Changing stroke rehab and research worldwide now.Time is Brain! trillions and trillions of neurons that DIE each day because there are NO effective hyperacute therapies besides tPA(only 12% effective). I have 523 posts on hyperacute therapy, enough for researchers to spend decades proving them out. These are my personal ideas and blog on stroke rehabilitation and stroke research. Do not attempt any of these without checking with your medical provider. Unless you join me in agitating, when you need these therapies they won't be there.

What this blog is for:

My blog is not to help survivors recover, it is to have the 10 million yearly stroke survivors light fires underneath their doctors, stroke hospitals and stroke researchers to get stroke solved. 100% recovery. The stroke medical world is completely failing at that goal, they don't even have it as a goal. Shortly after getting out of the hospital and getting NO information on the process or protocols of stroke rehabilitation and recovery I started searching on the internet and found that no other survivor received useful information. This is an attempt to cover all stroke rehabilitation information that should be readily available to survivors so they can talk with informed knowledge to their medical staff. It lays out what needs to be done to get stroke survivors closer to 100% recovery. It's quite disgusting that this information is not available from every stroke association and doctors group.

Sunday, January 10, 2016

Can An Anti-Asthma Drug Rejuvenate the Brain? montelukast

Your doctor should be vastly interested in how this can be applied to stroke survivors. But don't worry this will never be followed up on because we have NO stroke strategy or stroke leadership in any part of stroke and this will fall thru the cracks. Our fucking failures of stroke associations once again will lead the way to failure by not doing anything about this.

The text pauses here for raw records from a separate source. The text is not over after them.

Section Contraction.
Variables (G H : zmodType) (M : G -> Prop) (N : H -> Prop).
Hypotheses (hM : sharp_integral_monoid M) (hN : sharp_integral_monoid N).
Variables (X : finType) (r i : X -> X) (l : X -> G) (f : G -> H).
Hypotheses (hGamma : is_metrised_graph r i M l) (hf : monoid_hom M N f).
Variables (X' : finType) (r' i' : X' -> X') (l' : X' -> H) (q : X -> X').
Hypothesis hcontr : is_edge_contraction r i l f r' i' l' q.

Local Notation contracted := (contr_rel r i l f).
Local Notation gp_f := (gp_ext M f).
Let r_idem := metrised_r_idem hGamma.
Let iK := metrised_iK hGamma.
Let l_i := metrised_l_i hGamma.
Let half_edge_i := metrised_half_edge_i hGamma.
Let l_torsion_free := metrised_l_torsion_free hGamma hM.

Lemma contr_surj y : exists x, q x = y.
Proof. by case: hcontr. Qed.

Lemma contr_eq x y : q x = q y <-> connect contracted x y.
Proof. by case: hcontr. Qed.

Lemma contr_r x : r' (q x) = q (r x).
Proof. by case: hcontr. Qed.

Lemma contr_i x : i' (q x) = q (i x).
Proof. by case: hcontr. Qed.

Lemma contr_l x : l' (q x) = f (l x).
Proof. by case: hcontr. Qed.

Lemma q_contracted_edge e u v : r e != e -> f (l e) = 0 ->
  u \in [:: e; r e; i e; r (i e)] -> v \in [:: e; r e; i e; r (i e)] -> q u = q v.
Proof.
move=> e_half fe0 u_e v_e; apply/contr_eq/connect1/existsP.
by exists e; rewrite e_half fe0 eqxx u_e v_e.
Qed.

Lemma connect_contracted_uncontracted e y : r e != e -> f (l e) != 0 ->
  connect contracted e y -> y = e.
Proof.
move=> e_half fe_neq0 /connectP [[|z p] //= /andP [/existsP [e0] + _] _].
case/and4P=> _ /eqP fe00 + _; rewrite !inE.
by case/or4P=> /eqP e_eq; move: e_half fe_neq0; rewrite e_eq ?l_i ?r_idem ?fe00 ?eqxx.
Qed.

Lemma q_half_edge e : r e != e -> f (l e) != 0 -> r' (q e) != q e.
Proof.
move=> e_half fe_neq0; rewrite contr_r.
apply/eqP => /esym /contr_eq /(connect_contracted_uncontracted e_half fe_neq0) e_vert.
by rewrite e_vert eqxx in e_half.
Qed.

Lemma half_edge_lift y : r' y != y -> exists e, [/\ q e = y, r e != e & f (l e) != 0].
Proof.
move=> y_half; have [e qe] := contr_surj y; exists e; rewrite -qe in y_half *.
have e_half : r e != e by apply: contra y_half => /eqP e_vert; rewrite contr_r e_vert.
split=> //; apply: contra y_half => /eqP fe0; rewrite contr_r.
by apply/eqP/(q_contracted_edge e_half fe0); rewrite !inE eqxx ?orbT.
Qed.

Lemma contr_r_idem y : r' (r' y) = r' y.
Proof. by have [x <-] := contr_surj y; rewrite !contr_r r_idem. Qed.

Lemma contr_iK : involutive i'.
Proof. by move=> y; have [x <-] := contr_surj y; rewrite !contr_i iK. Qed.

Lemma contr_l_i y : l' (i' y) = l' y.
Proof. by have [x <-] := contr_surj y; rewrite contr_i !contr_l l_i. Qed.

Lemma contr_half_edge_i y : (r' (i' y) != i' y) = (r' y != y).
Proof.
have half_i z : r' z != z -> r' (i' z) != i' z.
  case/half_edge_lift=> e [<- e_half fe_neq0]; rewrite contr_i.
  by apply: q_half_edge; rewrite ?half_edge_i ?l_i.
by apply/idP/idP => [/half_i|/half_i //]; rewrite contr_iK.
Qed.

Lemma contr_l_torsion_free y : r' y != y -> torsion_free (l' y).
Proof.
case/half_edge_lift=> e [<- _ fe_neq0]; rewrite contr_l.
apply: sharp_torsion_free hN _ fe_neq0; case: hf => _ _; apply.
by case: hGamma.
Qed.

Lemma contr_vertex_exists : exists v, r' v = v.
Proof.
by have [v v_vert] := metrised_vertex_exists hGamma; exists (q v); rewrite contr_r v_vert.
Qed.

Definition q_sec (y : X') : X :=
  proj1_sig (constructive_indefinite_description _ (contr_surj y)).

Lemma q_secK : cancel q_sec q.
Proof. by move=> y; rewrite /q_sec; case: constructive_indefinite_description. Qed.

Definition push (D : X -> int) (y : X') : int := \sum_(x | q x == y) D x.

Lemma deg_push D : deg (push D) = deg D.
Proof. by rewrite /deg /push [RHS](partition_big q xpredT). Qed.

Lemma pushB D E y : push (fun x => D x - E x) y = push D y - push E y.
Proof. exact: sumrB. Qed.

Lemma divisor_push D : is_divisor r D -> is_divisor r' (push D).
Proof.
move=> D_div y y_half; apply: big1 => x /eqP qx; apply: D_div.
by apply: contra y_half => /eqP x_vert; rewrite -qx contr_r x_vert.
Qed.

Lemma effective_push D : effective D -> effective (push D).
Proof. by move=> D_eff y; apply: sumr_ge0 => x _; apply: D_eff. Qed.

(* [F y] is placed at the vertex [r (q_sec y)] of [X], which lies over [r' y]. *)
Definition lift (F : X' -> int) (x : X) : int := \sum_(y | r (q_sec y) == x) F y.

Lemma deg_lift F : deg (lift F) = deg F.
Proof. by rewrite /deg /lift [RHS](partition_big (r \o q_sec) xpredT). Qed.

Lemma divisor_lift F : is_divisor r (lift F).
Proof.
move=> x x_half; apply: big_pred0 => y; apply: contraNF x_half => /eqP <-.
by rewrite r_idem.
Qed.

Lemma effective_lift F : effective F -> effective (lift F).
Proof. by move=> F_eff x; apply: sumr_ge0 => y _; apply: F_eff. Qed.

Lemma push_lift F : is_divisor r' F -> push (lift F) =1 F.
Proof.
move=> F_div y0; rewrite /push /lift.
transitivity (\sum_(x | q x == y0) \sum_(y | (r' y == y0) && (r (q_sec y) == x)) F y).
  apply: eq_bigr => x /eqP qx; apply: eq_bigl => y.
  case: (r (q_sec y) =P x) => [rx|]; rewrite ?andbF ?andbT //.
  by rewrite -qx -rx -contr_r q_secK eqxx.
rewrite -(partition_big (fun y => r (q_sec y)) (fun x => q x == y0)) => [|y /eqP <-];
  last by rewrite -contr_r q_secK.
rewrite big_mkcond (bigD1 y0) //= big1 ?addr0 => [|y y_ne]; last first.
  by case: eqP => [ry|//]; apply: F_div; rewrite ry eq_sym.
by case: eqP => // /eqP /F_div ->.
Qed.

Can An Anti-Asthma Drug Rejuvenate the Brain?

A couple of paragraphs from there.

This group of researchers from Austria, Germany, Italy and Croatia presented a new therapy that, according to their own words, can “functionally rejuvenate the aged but otherwise healthy brain”. And the therapeutic agent is probably surprising: it’s an anti-asthmatic drug named montelukast.
The authors had previously identified a molecule involved in asthma pathology as being elevated in ageing, contributing to neuroinflammation and cognitive impairment. This led them to the hypothesis that other mechanisms originally related to peripheral inflammatory conditions such as asthma might affect the central nervous system, potentially contributing to degenerative processes.
Leukotrienes are a group of molecules that mediate inflammatory reactions associated with increased vascular permeability. Increased levels of leukotrienes have been reported in a number of neurological conditions, as well as in the aged brain. Although their role is mostly unclear, it is believed that they may mediate inflammatory responses in the brain and blood vessels. The drug they used, montelukast, acts by blocking leukotriene activity, being highly successful in asthma.
According to their data, montelukast seems to be able to reduce the levels of inflammatory molecules in the brain, restore the blood-brain barrier’s integrity and increase neurogenesis in the brain of aged rats. As a consequence, montelukast treatment also restores cognitive function in the old animals.
Montelukast seems to be able to cross the blood-brain barrier and it had previously been shown to have a protective effects in animal models of neurodegenerative diseases, including Huntintgon’s and Alzheimer’s disease, as well as in induced loss of memory function, spinal cord and brain injuries and stroke, decreasing cognitive and structural deficits.
Here, they showed that this anti-asthma drug can reduce age-associated changes, improving learning and memory in old rats, reducing the inflammation-induced activation of glial cells in the brain, and restoring neurogenesis in the hippocampus of old rats most likely by targeting leukotriene actions in the brain.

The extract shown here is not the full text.